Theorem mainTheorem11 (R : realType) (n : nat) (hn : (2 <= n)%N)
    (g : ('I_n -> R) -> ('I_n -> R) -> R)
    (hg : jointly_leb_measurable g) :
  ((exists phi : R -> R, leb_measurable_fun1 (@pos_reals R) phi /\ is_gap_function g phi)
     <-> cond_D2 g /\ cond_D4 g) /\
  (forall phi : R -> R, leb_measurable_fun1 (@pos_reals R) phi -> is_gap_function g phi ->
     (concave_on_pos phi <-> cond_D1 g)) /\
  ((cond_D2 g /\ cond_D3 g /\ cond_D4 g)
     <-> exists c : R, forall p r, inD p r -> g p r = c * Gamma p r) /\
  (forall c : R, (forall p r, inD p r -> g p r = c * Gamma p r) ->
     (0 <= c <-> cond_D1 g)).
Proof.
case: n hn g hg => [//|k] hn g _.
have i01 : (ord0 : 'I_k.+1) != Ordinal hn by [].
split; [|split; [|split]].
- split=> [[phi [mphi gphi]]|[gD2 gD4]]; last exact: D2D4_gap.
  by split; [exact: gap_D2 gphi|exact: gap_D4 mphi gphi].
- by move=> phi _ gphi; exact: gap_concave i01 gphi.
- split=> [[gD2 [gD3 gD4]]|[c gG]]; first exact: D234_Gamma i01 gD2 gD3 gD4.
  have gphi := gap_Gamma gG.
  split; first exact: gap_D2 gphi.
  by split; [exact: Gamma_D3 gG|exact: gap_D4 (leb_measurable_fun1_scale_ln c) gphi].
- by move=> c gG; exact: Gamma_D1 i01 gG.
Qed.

Work task:
Among the records above, repeat exactly the line with "(forall c : R, (forall", the line with "- split=> [[phi", and every line in between, and only those.

Expected answer:
  (forall c : R, (forall p r, inD p r -> g p r = c * Gamma p r) ->
     (0 <= c <-> cond_D1 g)).
Proof.
case: n hn g hg => [//|k] hn g _.
have i01 : (ord0 : 'I_k.+1) != Ordinal hn by [].
split; [|split; [|split]].
- split=> [[phi [mphi gphi]]|[gD2 gD4]]; last exact: D2D4_gap.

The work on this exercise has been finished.